Task description = If a line in the data holds the string "specialize", list it.
======== Input ========
Lemma Im_cterm_ratio (c z a b : R) :
  c = 0 \/ 0 <= (z - exp a) * (z - exp b) -> Im (cterm c (ratio z a b)) = 0.
Proof.
  intros H. unfold cterm. destruct (Req_EM_T c 0) as [E|E]; [reflexivity|].
  destruct H as [H|H]; [contradiction|].
  replace (Im (Cmult (RtoC c) (Ln (ratio z a b)))) with (c * Im (Ln (ratio z a b)))
    by (unfold Cmult; simpl; ring).
  unfold ratio. rewrite Im_Ln_nonneg; [ring|].
  apply div_nonneg_of_mul_nonneg.
  assert (Hexp : forall x, z * exp (- x) - 1 = exp (- x) * (z - exp x))
    by (intros x; rewrite exp_Ropp; field; apply Rgt_not_eq, exp_pos).
  rewrite !Hexp.
  replace (exp (- a) * (z - exp a) * (exp (- b) * (z - exp b)))
    with (exp (- a) * exp (- b) * ((z - exp a) * (z - exp b))) by ring.
  apply Rmult_le_pos; [left; apply Rmult_lt_0_compat; apply exp_pos | exact H].
Qed.

Lemma Im_sum_n_m_eq0 (f : nat -> C) (m l : nat) :
  (forall k, (m <= k <= l)%nat -> Im (f k) = 0) -> Im (sum_n_m f m l) = 0.
Proof.
  induction l as [|l IH]; intros H.
  - destruct m.
    + rewrite sum_n_n. apply H; lia.
    + rewrite sum_n_m_zero by lia. reflexivity.
  - destruct (Nat.le_gt_cases m (S l)).
    + rewrite sum_n_Sm by lia.
      change (Im (sum_n_m f m l) + Im (f (S l)) = 0).
      rewrite IH, H by (intros; try apply H; lia). ring.
    + rewrite sum_n_m_zero by lia. reflexivity.
Qed.

Lemma Im_chi_eq0 (n : nat) (V beta : nat -> R) (v0 z tau : R) (j : nat) :
  (forall i, (1 <= i <= j - 1)%nat ->
     beta i = -1 \/ 0 <= (z - exp (V i)) * (z - exp (V (i - 1)%nat))) ->
  (forall i, (S j <= i <= n)%nat ->
     beta i = 1 \/ 0 <= (z - exp (V i)) * (z - exp (V (i - 1)%nat))) ->
  beta j = -1 \/ 0 <= (z - exp tau) * (z - exp (V (j - 1)%nat)) ->
  beta j = 1 \/ 0 <= (z - exp (V j)) * (z - exp tau) ->
  Im (chi n V beta v0 z tau j) = 0.
Proof.
  intros Hlow Hhigh Hleft Hright. unfold chi.
  change (- Im (sum_n_m (fun i => cterm (/ 2 * (1 + beta i))
                                          (ratio z (V i) (V (i - 1)%nat))) 1 (j - 1))
          + - Im (cterm (/ 2 * (1 + beta j)) (ratio z tau (V (j - 1)%nat)))
          + Im (cterm (/ 2 * (1 - beta j)) (ratio z (V j) tau))
          + Im (sum_n_m (fun i => cterm (/ 2 * (1 - beta i))
                                        (ratio z (V i) (V (i - 1)%nat))) (S j) n)
          + 0 = 0).
  rewrite !Im_sum_n_m_eq0, !Im_cterm_ratio; [ring| | | |].
  - destruct Hright as [E|P]; [left; rewrite E; lra | right; exact P].
  - destruct Hleft as [E|P]; [left; rewrite E; lra | right; exact P].
  - intros i Hi. apply Im_cterm_ratio.
    destruct (Hhigh i Hi) as [E|P]; [left; rewrite E; lra | right; exact P].
  - intros i Hi. apply Im_cterm_ratio.
    destruct (Hlow i Hi) as [E|P]; [left; rewrite E; lra | right; exact P].
Qed.

Section Increasing_nodes.

Variables (n : nat) (V beta : nat -> R).
Hypothesis HV : forall i, (i < n)%nat -> V i < V (S i).
Hypothesis Hbeta : forall i, (1 <= i <= n)%nat -> -1 <= beta i <= 1.

Lemma exp_V_lt (i k : nat) : (i < k <= n)%nat -> exp (V i) < exp (V k).
Proof.
  induction k as [|k IH]; intros Hik; [lia|].
  apply Rle_lt_trans with (exp (V k)).
  - destruct (Nat.eq_dec i k) as [->|Hne]; [lra|]. left; apply IH; lia.
  - apply exp_increasing, HV; lia.
Qed.

Lemma exp_V_le (i k : nat) : (i <= k <= n)%nat -> exp (V i) <= exp (V k).
Proof.
  intros Hik. destruct (Nat.eq_dec i k) as [->|Hne]; [lra|].
  left; apply exp_V_lt; lia.
Qed.

Lemma outside_gap_pos (z : R) (k : nat) : (1 <= k <= n)%nat ->
  z < exp (V (k - 1)%nat) \/ exp (V k) < z ->
  0 < (z - exp (V k)) * (z - exp (V (k - 1)%nat)).
Proof. intros Hk Hz. apply outside_mul_pos; [apply exp_V_le; lia | exact Hz]. Qed.

Lemma other_gaps_pos (z : R) (K k : nat) : (1 <= K <= n)%nat ->
  exp (V (K - 1)%nat) < z < exp (V K) -> (1 <= k <= n)%nat -> k <> K ->
  0 < (z - exp (V k)) * (z - exp (V (k - 1)%nat)).
Proof.
  intros HK [Hz1 Hz2] Hk HkK. apply outside_gap_pos; [exact Hk|].
  destruct (Nat.lt_total k K) as [Hlt|[Heq|Hgt]]; [| lia |].
  - right. pose proof (exp_V_le k (K - 1) ltac:(lia)); lra.
  - left. pose proof (exp_V_le K (k - 1) ltac:(lia)); lra.
Qed.

Lemma inv_increment_pos (z : R) (k : nat) : (1 <= k <= n)%nat ->
  0 < (z - exp (V k)) * (z - exp (V (k - 1)%nat)) ->
  0 < / (z - exp (V k)) - / (z - exp (V (k - 1)%nat)).
Proof.
  intros Hk Hpos.
  assert (/ (z - exp (V (k - 1)%nat)) < / (z - exp (V k)))
    by (apply inv_sub_lt; [apply exp_V_lt; lia | exact Hpos]).
  lra.
Qed.

Lemma Tfun_ge_first (z : R) :
  (forall k, (1 <= k <= n)%nat ->
     beta k = 1 \/ 0 < (z - exp (V k)) * (z - exp (V (k - 1)%nat))) ->
  / (z - exp (V O)) <= Tfun n V beta z.
Proof.
  intros Hk.
  change (Tfun n V beta z) with (slope_sum n beta (fun i => / (z - exp (V i)))).
  apply (slope_sum_ge_first n beta (fun i => / (z - exp (V i)))).
  intros k Hkn. destruct (Hk k Hkn) as [E|Hpos]; [rewrite E; lra|].
  apply Rmult_le_pos; [specialize (Hbeta k Hkn); lra | left; apply inv_increment_pos; auto].
Qed.

Lemma Tfun_le_last (z : R) :
  (forall k, (1 <= k <= n)%nat ->
     beta k = -1 \/ 0 < (z - exp (V k)) * (z - exp (V (k - 1)%nat))) ->
  Tfun n V beta z <= / (z - exp (V n)).
Proof.
  intros Hk.
  change (Tfun n V beta z) with (slope_sum n beta (fun i => / (z - exp (V i)))).
  apply (slope_sum_le_last n beta (fun i => / (z - exp (V i)))).
  intros k Hkn. destruct (Hk k Hkn) as [E|Hpos]; [rewrite E; lra|].
  apply Rmult_le_pos; [specialize (Hbeta k Hkn); lra | left; apply inv_increment_pos; auto].
Qed.

Lemma Tfun_bounds_in_gap (z : R) (K : nat) : (1 <= K <= n)%nat ->
  exp (V (K - 1)%nat) < z < exp (V K) ->
  (beta K = 1 -> / (z - exp (V O)) <= Tfun n V beta z) /\
  (beta K = -1 -> Tfun n V beta z <= / (z - exp (V n))).
Proof.
  intros HK Hz. split; intros Hb.
  - apply Tfun_ge_first. intros k Hk.
    destruct (Nat.eq_dec k K) as [->|Hne]; [left; exact Hb|].
    right; apply (other_gaps_pos z K); auto.
  - apply Tfun_le_last. intros k Hk.
    destruct (Nat.eq_dec k K) as [->|Hne]; [left; exact Hb|].
    right; apply (other_gaps_pos z K); auto.
Qed.

Lemma Tfun_sign_in_gap (z : R) (i : nat) : inU n V beta z -> (1 <= i <= n)%nat ->
  exp (V (i - 1)%nat) < z < exp (V i) ->
  (beta i = 1 /\ 0 < Tfun n V beta z) \/ (beta i = -1 /\ Tfun n V beta z < 0).
Proof.
  intros Hz Hi Hgap.
  destruct Hz as [Hz|[Hz|[K [HK [Hb HzK]]]]].
  - pose proof (exp_V_le O (i - 1) ltac:(lia)); lra.
  - pose proof (exp_V_le i n ltac:(lia)); lra.
  - assert (i = K) as ->.
    { destruct (Nat.eq_dec i K) as [E|Hne]; [exact E|].
      pose proof (other_gaps_pos z K i HK HzK Hi Hne). nra. }
    destruct (Tfun_bounds_in_gap z K HK HzK) as [Hfirst Hlast].
    destruct Hb as [Hb|Hb]; [left|right]; split; auto.
    + pose proof (exp_V_le O (K - 1) ltac:(lia)).
      assert (0 < / (z - exp (V O))) by (apply Rinv_0_lt_compat; lra).
      specialize (Hfirst Hb); lra.
    + pose proof (exp_V_le K n ltac:(lia)).
      assert (/ (z - exp (V n)) < 0) by (apply Rinv_lt_0_compat; lra).
      specialize (Hlast Hb); lra.
Qed.

Lemma Tfun_shift_pos (z : R) : inU n V beta z ->
  Tfun n V beta z <> 0 /\ 0 < z - / Tfun n V beta z.
Proof.
  intros Hz. set (T := Tfun n V beta z).
  pose proof (exp_pos (V O)) as He0.
  assert (Hfirst : / (z - exp (V O)) <= T -> 0 < T * (z - exp (V O)) ->
                   T <> 0 /\ 0 < z - / T).
  { intros Hle Hpos. pose proof (sub_inv_ge z (exp (V O)) T Hle Hpos).
    split; [intros E; rewrite E, Rmult_0_l in Hpos|]; lra. }
  destruct Hz as [Hz|[Hz|[K [HK [Hb HzK]]]]].
  - assert (Hk : forall k, (1 <= k <= n)%nat ->
                 0 < (z - exp (V k)) * (z - exp (V (k - 1)%nat))).
    { intros k Hk. apply outside_gap_pos; [exact Hk|].
      left. pose proof (exp_V_le O (k - 1) ltac:(lia)); lra. }
    assert (Hlo : / (z - exp (V O)) <= T) by (apply Tfun_ge_first; intros; right; auto).
    assert (Hhi : T <= / (z - exp (V n))) by (apply Tfun_le_last; intros; right; auto).
    pose proof (exp_V_le O n ltac:(lia)).
    assert (/ (z - exp (V n)) < 0) by (apply Rinv_lt_0_compat; lra).
    apply Hfirst; [exact Hlo | nra].
  - assert (Hlo : / (z - exp (V O)) <= T).
    { apply Tfun_ge_first. intros k Hk. right. apply outside_gap_pos; [exact Hk|].
      right. pose proof (exp_V_le k n ltac:(lia)); lra. }
    pose proof (exp_V_le O n ltac:(lia)).
    assert (0 < / (z - exp (V O))) by (apply Rinv_0_lt_compat; lra).
    apply Hfirst; [exact Hlo | apply Rmult_lt_0_compat; lra].
  - destruct (Tfun_bounds_in_gap z K HK HzK) as [Hlo Hhi]. fold T in Hlo, Hhi.
    pose proof (exp_V_le O (K - 1) ltac:(lia)).
    pose proof (exp_V_le K n ltac:(lia)).
    destruct Hb as [Hb|Hb].
    + specialize (Hlo Hb).
      assert (0 < / (z - exp (V O))) by (apply Rinv_0_lt_compat; lra).
      apply Hfirst; [exact Hlo | apply Rmult_lt_0_compat; lra].
    + specialize (Hhi Hb).
      assert (/ (z - exp (V n)) < 0) by (apply Rinv_lt_0_compat; lra).
      assert (/ T < 0) by (apply Rinv_lt_0_compat; lra).
      split; lra.
Qed.

Lemma Im_chi_eq0_on_frozen_boundary (v0 z : R) (j : nat) : inU n V beta z ->
  Tfun n V beta z <> 0 -> (1 <= j <= n)%nat ->
  exp (V (j - 1)%nat) < z - / Tfun n V beta z < exp (V j) ->
  Im (chi n V beta v0 z (ln (z - / Tfun n V beta z)) j) = 0.
Proof.
  intros Hz HT Hj Hw. set (T := Tfun n V beta z) in *. set (w := z - / T) in *.
  assert (Hsign : forall i, (1 <= i <= n)%nat -> exp (V (i - 1)%nat) < z < exp (V i) ->
            (beta i = 1 /\ w < z) \/ (beta i = -1 /\ z < w)).
  { intros i Hi Hgap. unfold w.
    destruct (Tfun_sign_in_gap z i Hz Hi Hgap) as [[Hb HT']|[Hb HT']];
      [left; assert (0 < / T) by (apply Rinv_0_lt_compat; exact HT')
      |right; assert (/ T < 0) by (apply Rinv_lt_0_compat; exact HT')];
      split; auto; lra. }
  pose proof (exp_pos (V (j - 1)%nat)).
  apply Im_chi_eq0; rewrite ?exp_ln by lra.
  - intros i Hi. destruct (Rle_lt_dec 0 ((z - exp (V i)) * (z - exp (V (i - 1)%nat))))
      as [Hp|Hn]; [right; exact Hp|].
    apply between_of_mul_neg in Hn; [|apply exp_V_lt; lia].
    pose proof (exp_V_le i (j - 1) ltac:(lia)).
    destruct (Hsign i ltac:(lia) Hn) as [[_ Hwz]|[Hb _]]; [lra | left; exact Hb].
  - intros i Hi. destruct (Rle_lt_dec 0 ((z - exp (V i)) * (z - exp (V (i - 1)%nat))))
      as [Hp|Hn]; [right; exact Hp|].
    apply between_of_mul_neg in Hn; [|apply exp_V_lt; lia].
    pose proof (exp_V_le j (i - 1) ltac:(lia)).
    destruct (Hsign i ltac:(lia) Hn) as [[Hb _]|[_ Hzw]]; [left; exact Hb | lra].
  - destruct (Rle_lt_dec 0 ((z - w) * (z - exp (V (j - 1)%nat)))) as [Hp|Hn];
      [right; exact Hp|].
    apply between_of_mul_neg in Hn; [|lra].
    destruct (Hsign j Hj ltac:(lra)) as [[_ Hwz]|[Hb _]]; [lra | left; exact Hb].
  - destruct (Rle_lt_dec 0 ((z - exp (V j)) * (z - w))) as [Hp|Hn]; [right; exact Hp|].
    apply between_of_mul_neg in Hn; [|lra].
    destruct (Hsign j Hj ltac:(lra)) as [[Hb _]|[_ Hzw]]; [left; exact Hb | lra].
Qed.

End Increasing_nodes.

Theorem proposition4p1
  (n : nat) (V : nat -> R) (beta : nat -> R) (Vf : R -> R)
  (HV : forall i : nat, (i < n)%nat -> V i < V (S i))
  (Hbeta : forall i : nat, (1 <= i <= n)%nat -> -1 <= beta i <= 1)
  (Hdiff : forall i : nat, (i <= n)%nat -> betaE n beta i <> betaE n beta (S i))
  (HVf : forall i : nat, (1 <= i <= n)%nat -> forall x : R,
           V (i - 1)%nat <= x <= V i ->
           Vf x = Vf (V (i - 1)%nat) + beta i * (x - V (i - 1)%nat)) :
  forall z : R, inU n V beta z ->
    Tfun n V beta z <> 0 /\
    z - / Tfun n V beta z > 0 /\
    forall j : nat, (1 <= j <= n)%nat ->
      V (j - 1)%nat < ln (z - / Tfun n V beta z) < V j ->
      Im (chi n V beta (Vf (V 0%nat)) z (ln (z - / Tfun n V beta z)) j) = 0.
Proof.
  intros z Hz.
  destruct (Tfun_shift_pos n V beta HV Hbeta z Hz) as [HT Hw].
  split; [exact HT | split; [lra|]].
  intros j Hj [Hlo Hhi].
  apply (Im_chi_eq0_on_frozen_boundary n V beta HV Hbeta); auto.
  rewrite <- (exp_ln (z - / Tfun n V beta z) Hw).
  split; apply exp_increasing; assumption.
Qed.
========
Completed task =
  apply Rmult_le_pos; [specialize (Hbeta k Hkn); lra | left; apply inv_increment_pos; auto].
  apply Rmult_le_pos; [specialize (Hbeta k Hkn); lra | left; apply inv_increment_pos; auto].
      specialize (Hfirst Hb); lra.
      specialize (Hlast Hb); lra.
    + specialize (Hlo Hb).
    + specialize (Hhi Hb).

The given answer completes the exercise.